_WHAT YOU NEED TO DO_
Restating the data exactly is the whole task.

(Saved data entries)
■ ■ ■ ■ ■
(* Let $K$ be a field of characteristic $\neq2$ with involution $a\mapsto\bar a$, let $\varepsilon\in\{1,-1\}$ with $\varepsilon=1$ if the involution is nonidentity, and let $\Phi$ be an $n\times n$ Frobenius block with characteristic polynomial $\chi(x)$. A nonsingular matrix $X$ with $X=X^*$ and $X\Phi=\varepsilon(X\Phi)^*$ exists if and only if (B1) $\chi(x)=\varepsilon^n\bar\chi(\varepsilon x)$, and (B2) $\chi(x)\notin\{x^2,x^4,x^6,\dots\}$ if $\varepsilon=-1$. When these hold, one can take $X=[\varepsilon^ia_{i+j}]_{i,j=1}^n$, where $(a_2,a_3,\dots,a_{2n})$ is the $\chi$-recurrent sequence determined by $(a_2,\dots,a_{n+1})=(1,0,\dots,0)$ if $\Phi$ is nonsingular and $(a_2,\dots,a_{n+1})=(0,\dots,0,1)$ if $\Phi$ is singular.
   Context: $M^*=[\bar m_{ji}]$ for $M=[m_{ij}]$. For $f=a_0x^n+\dots+a_n$, $\bar f=\bar a_0x^n+\dots+\bar a_n$. A Frobenius block is an $n\times n$ matrix with ones on the subdiagonal, last column $(-c_n,\dots,-c_1)^T$, zeros elsewhere, and characteristic polynomial $x^n+c_1x^{n-1}+\dots+c_n$ a power of an irreducible polynomial. For $f(x)=\gamma_0x^m+\dots+\gamma_m$, a sequence $(a_q,\dots,a_r)$ is $f$-recurrent if $\gamma_0a_{l+m}+\gamma_1a_{l+m-1}+\dots+\gamma_ma_l=0$ for $q\le l\le r-m$. *)

From mathcomp Require Import all_boot all_order all_algebra.
Set Implicit Arguments. Unset Strict Implicit. Unset Printing Implicit Defensive.
Import GRing.Theory.
Local Open Scope ring_scope.

Definition cstar (K : fieldType) (inv : K -> K) n (M : 'M[K]_n) : 'M[K]_n :=
  \matrix_(i, j) inv (M j i).

(* Frobenius-type matrix of a monic p = x^n + c_1 x^(n-1) + ... + c_n:
   ones on the subdiagonal, last column (-c_n, ..., -c_1)^T, zeros elsewhere.
   Row i (0-indexed) of the last column holds -c_(n-i) = - p`_i. *)
Definition frob_mx (K : fieldType) n (p : {poly K}) : 'M[K]_n :=
  \matrix_(i < n, j < n)
    ((i == j.+1 :> nat)%:R + (j == n.-1 :> nat)%:R * - p`_i).

Definition frobenius_block (K : fieldType) n (A : 'M[K]_n) : Prop :=
  exists p : {poly K},
    [/\ p \is monic, size p = n.+1, A = frob_mx n p,
        char_poly A = p &
        exists (q : {poly K}) (k : nat), [/\ (0 < k)%N, irreducible_poly q & p = q ^+ k]].

Definition recurrent (K : fieldType) (f : {poly K}) (q r : nat) (a : nat -> K)
  : Prop :=
  let m := (size f).-1 in
  forall l : nat, (q <= l)%N -> (l + m <= r)%N ->
    \sum_(i < m.+1) f`_(m - i) * a (l + m - i)%N = 0.

(* Necessity: X intertwines Phi with eps Phi^*, so chi is also the characteristic
   polynomial of eps Phi^*, which is (B1).  If eps = -1 the involution is the
   identity, so X is symmetric and X Phi skew-symmetric; for chi = x^(2k), Phi is
   the nilpotent shift of even size and these symmetries force the last row of X
   to vanish, which gives (B2).
   Sufficiency: (B1) says conj(c_j) = eps^(n+j) c_j, so by induction along the
   recurrence every term of a chi-recurrent sequence with conj(a_k) = eps^k a_k
   initially satisfies conj(a_s) = eps^s a_s.  This makes X = [eps^i a_(i+j)]
   Hermitian, and X Phi = [eps^i a_(i+j+1)] eps-Hermitian, the recurrence
   supplying its last column.  The initial values make X triangular up to a
   permutation of its columns, with nonzero diagonal; (B2) is what guarantees
   eps^(n+1) = 1 when Phi is singular.  Such a sequence exists since the entries
   of the powers of Phi are chi-recurrent by Cayley-Hamilton. *)

From mathcomp Require Import all_boot all_order all_algebra perm zify.
Set Implicit Arguments.
Unset Strict Implicit.
Unset Printing Implicit Defensive.
Import GRing.Theory.
Local Open Scope ring_scope.

Section SquareRootOfOne.
Variables (R : nzRingType) (e : R).
Hypothesis e2 : e * e = 1.

Lemma sqr1_exprE m : e ^+ m = e ^+ odd m.
Proof.
rewrite -{1}(odd_double_half m) exprD -muln2 mulnC exprM expr2 e2 expr1n.
by rewrite mulr1.
Qed.

Lemma sqr1_expr_odd m k : odd m = odd k -> e ^+ m = e ^+ k.
Proof. by move=> mk; rewrite sqr1_exprE mk -sqr1_exprE. Qed.

Lemma sqr1_neq0 : e != 0.
Proof. by apply: contra_eqN e2 => /eqP->; rewrite mul0r eq_sym oner_eq0. Qed.

End SquareRootOfOne.

Lemma coef_comp_polyZX (R : comNzRingType) (p : {poly R}) (c : R) k :
  (p \Po (c *: 'X))`_k = p`_k * c ^+ k.
Proof.
have -> : p \Po (c *: 'X) = \poly_(i < size p) (p`_i * c ^+ i).
  by rewrite comp_polyE poly_def; apply: eq_bigr => i _; rewrite exprZn scalerA.
by rewrite coef_poly; case: ltnP => // /(nth_default 0) ->; rewrite mul0r.
Qed.

Section CharPoly.
Variable K : fieldType.

Lemma char_polyZ n (A : 'M[K]_n) c : c != 0 ->
  char_poly (c *: A) = c ^+ n *: (char_poly A \Po (c^-1 *: 'X)).
Proof.
move=> c_neq0.
have scale_mx : map_mx (comp_poly (c^-1 *: 'X)) (char_poly_mx A) =
                c^-1%:P *: char_poly_mx (c *: A).
  apply/matrixP => i j; rewrite !mxE; case: (i == j) => /=.
    by rewrite mulr1n comp_polyB comp_polyX comp_polyC mulrBr mul_polyC polyCM
      mulrA -polyCM mulVf // mul1r.
  by rewrite !mulr0n !sub0r raddfN /= comp_polyC mulrN polyCM mulrA -polyCM
    mulVf // mul1r.
have := congr1 determinant scale_mx; rewrite det_map_mx detZ /char_poly => ->.
by rewrite -polyC_exp mul_polyC scalerA -exprMn mulfV // expr1n scale1r.
Qed.

Lemma char_poly_trmx n (A : 'M[K]_n) : char_poly A^T = char_poly A.
Proof.
rewrite /char_poly -det_tr; congr determinant.
by apply/matrixP => i j; rewrite !mxE eq_sym.
Qed.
■ ■ ■ ■ ■
_EXERCISE OUTPUT_
(* Let $K$ be a field of characteristic $\neq2$ with involution $a\mapsto\bar a$, let $\varepsilon\in\{1,-1\}$ with $\varepsilon=1$ if the involution is nonidentity, and let $\Phi$ be an $n\times n$ Frobenius block with characteristic polynomial $\chi(x)$. A nonsingular matrix $X$ with $X=X^*$ and $X\Phi=\varepsilon(X\Phi)^*$ exists if and only if (B1) $\chi(x)=\varepsilon^n\bar\chi(\varepsilon x)$, and (B2) $\chi(x)\notin\{x^2,x^4,x^6,\dots\}$ if $\varepsilon=-1$. When these hold, one can take $X=[\varepsilon^ia_{i+j}]_{i,j=1}^n$, where $(a_2,a_3,\dots,a_{2n})$ is the $\chi$-recurrent sequence determined by $(a_2,\dots,a_{n+1})=(1,0,\dots,0)$ if $\Phi$ is nonsingular and $(a_2,\dots,a_{n+1})=(0,\dots,0,1)$ if $\Phi$ is singular.
   Context: $M^*=[\bar m_{ji}]$ for $M=[m_{ij}]$. For $f=a_0x^n+\dots+a_n$, $\bar f=\bar a_0x^n+\dots+\bar a_n$. A Frobenius block is an $n\times n$ matrix with ones on the subdiagonal, last column $(-c_n,\dots,-c_1)^T$, zeros elsewhere, and characteristic polynomial $x^n+c_1x^{n-1}+\dots+c_n$ a power of an irreducible polynomial. For $f(x)=\gamma_0x^m+\dots+\gamma_m$, a sequence $(a_q,\dots,a_r)$ is $f$-recurrent if $\gamma_0a_{l+m}+\gamma_1a_{l+m-1}+\dots+\gamma_ma_l=0$ for $q\le l\le r-m$. *)

From mathcomp Require Import all_boot all_order all_algebra.
Set Implicit Arguments. Unset Strict Implicit. Unset Printing Implicit Defensive.
Import GRing.Theory.
Local Open Scope ring_scope.

Definition cstar (K : fieldType) (inv : K -> K) n (M : 'M[K]_n) : 'M[K]_n :=
  \matrix_(i, j) inv (M j i).

(* Frobenius-type matrix of a monic p = x^n + c_1 x^(n-1) + ... + c_n:
   ones on the subdiagonal, last column (-c_n, ..., -c_1)^T, zeros elsewhere.
   Row i (0-indexed) of the last column holds -c_(n-i) = - p`_i. *)
Definition frob_mx (K : fieldType) n (p : {poly K}) : 'M[K]_n :=
  \matrix_(i < n, j < n)
    ((i == j.+1 :> nat)%:R + (j == n.-1 :> nat)%:R * - p`_i).

Definition frobenius_block (K : fieldType) n (A : 'M[K]_n) : Prop :=
  exists p : {poly K},
    [/\ p \is monic, size p = n.+1, A = frob_mx n p,
        char_poly A = p &
        exists (q : {poly K}) (k : nat), [/\ (0 < k)%N, irreducible_poly q & p = q ^+ k]].

Definition recurrent (K : fieldType) (f : {poly K}) (q r : nat) (a : nat -> K)
  : Prop :=
  let m := (size f).-1 in
  forall l : nat, (q <= l)%N -> (l + m <= r)%N ->
    \sum_(i < m.+1) f`_(m - i) * a (l + m - i)%N = 0.

(* Necessity: X intertwines Phi with eps Phi^*, so chi is also the characteristic
   polynomial of eps Phi^*, which is (B1).  If eps = -1 the involution is the
   identity, so X is symmetric and X Phi skew-symmetric; for chi = x^(2k), Phi is
   the nilpotent shift of even size and these symmetries force the last row of X
   to vanish, which gives (B2).
   Sufficiency: (B1) says conj(c_j) = eps^(n+j) c_j, so by induction along the
   recurrence every term of a chi-recurrent sequence with conj(a_k) = eps^k a_k
   initially satisfies conj(a_s) = eps^s a_s.  This makes X = [eps^i a_(i+j)]
   Hermitian, and X Phi = [eps^i a_(i+j+1)] eps-Hermitian, the recurrence
   supplying its last column.  The initial values make X triangular up to a
   permutation of its columns, with nonzero diagonal; (B2) is what guarantees
   eps^(n+1) = 1 when Phi is singular.  Such a sequence exists since the entries
   of the powers of Phi are chi-recurrent by Cayley-Hamilton. *)

From mathcomp Require Import all_boot all_order all_algebra perm zify.
Set Implicit Arguments.
Unset Strict Implicit.
Unset Printing Implicit Defensive.
Import GRing.Theory.
Local Open Scope ring_scope.

Section SquareRootOfOne.
Variables (R : nzRingType) (e : R).
Hypothesis e2 : e * e = 1.

Lemma sqr1_exprE m : e ^+ m = e ^+ odd m.
Proof.
rewrite -{1}(odd_double_half m) exprD -muln2 mulnC exprM expr2 e2 expr1n.
by rewrite mulr1.
Qed.

Lemma sqr1_expr_odd m k : odd m = odd k -> e ^+ m = e ^+ k.
Proof. by move=> mk; rewrite sqr1_exprE mk -sqr1_exprE. Qed.

Lemma sqr1_neq0 : e != 0.
Proof. by apply: contra_eqN e2 => /eqP->; rewrite mul0r eq_sym oner_eq0. Qed.

End SquareRootOfOne.

Lemma coef_comp_polyZX (R : comNzRingType) (p : {poly R}) (c : R) k :
  (p \Po (c *: 'X))`_k = p`_k * c ^+ k.
Proof.
have -> : p \Po (c *: 'X) = \poly_(i < size p) (p`_i * c ^+ i).
  by rewrite comp_polyE poly_def; apply: eq_bigr => i _; rewrite exprZn scalerA.
by rewrite coef_poly; case: ltnP => // /(nth_default 0) ->; rewrite mul0r.
Qed.

Section CharPoly.
Variable K : fieldType.

Lemma char_polyZ n (A : 'M[K]_n) c : c != 0 ->
  char_poly (c *: A) = c ^+ n *: (char_poly A \Po (c^-1 *: 'X)).
Proof.
move=> c_neq0.
have scale_mx : map_mx (comp_poly (c^-1 *: 'X)) (char_poly_mx A) =
                c^-1%:P *: char_poly_mx (c *: A).
  apply/matrixP => i j; rewrite !mxE; case: (i == j) => /=.
    by rewrite mulr1n comp_polyB comp_polyX comp_polyC mulrBr mul_polyC polyCM
      mulrA -polyCM mulVf // mul1r.
  by rewrite !mulr0n !sub0r raddfN /= comp_polyC mulrN polyCM mulrA -polyCM
    mulVf // mul1r.
have := congr1 determinant scale_mx; rewrite det_map_mx detZ /char_poly => ->.
by rewrite -polyC_exp mul_polyC scalerA -exprMn mulfV // expr1n scale1r.
Qed.

Lemma char_poly_trmx n (A : 'M[K]_n) : char_poly A^T = char_poly A.
Proof.
rewrite /char_poly -det_tr; congr determinant.
by apply/matrixP => i j; rewrite !mxE eq_sym.
Qed.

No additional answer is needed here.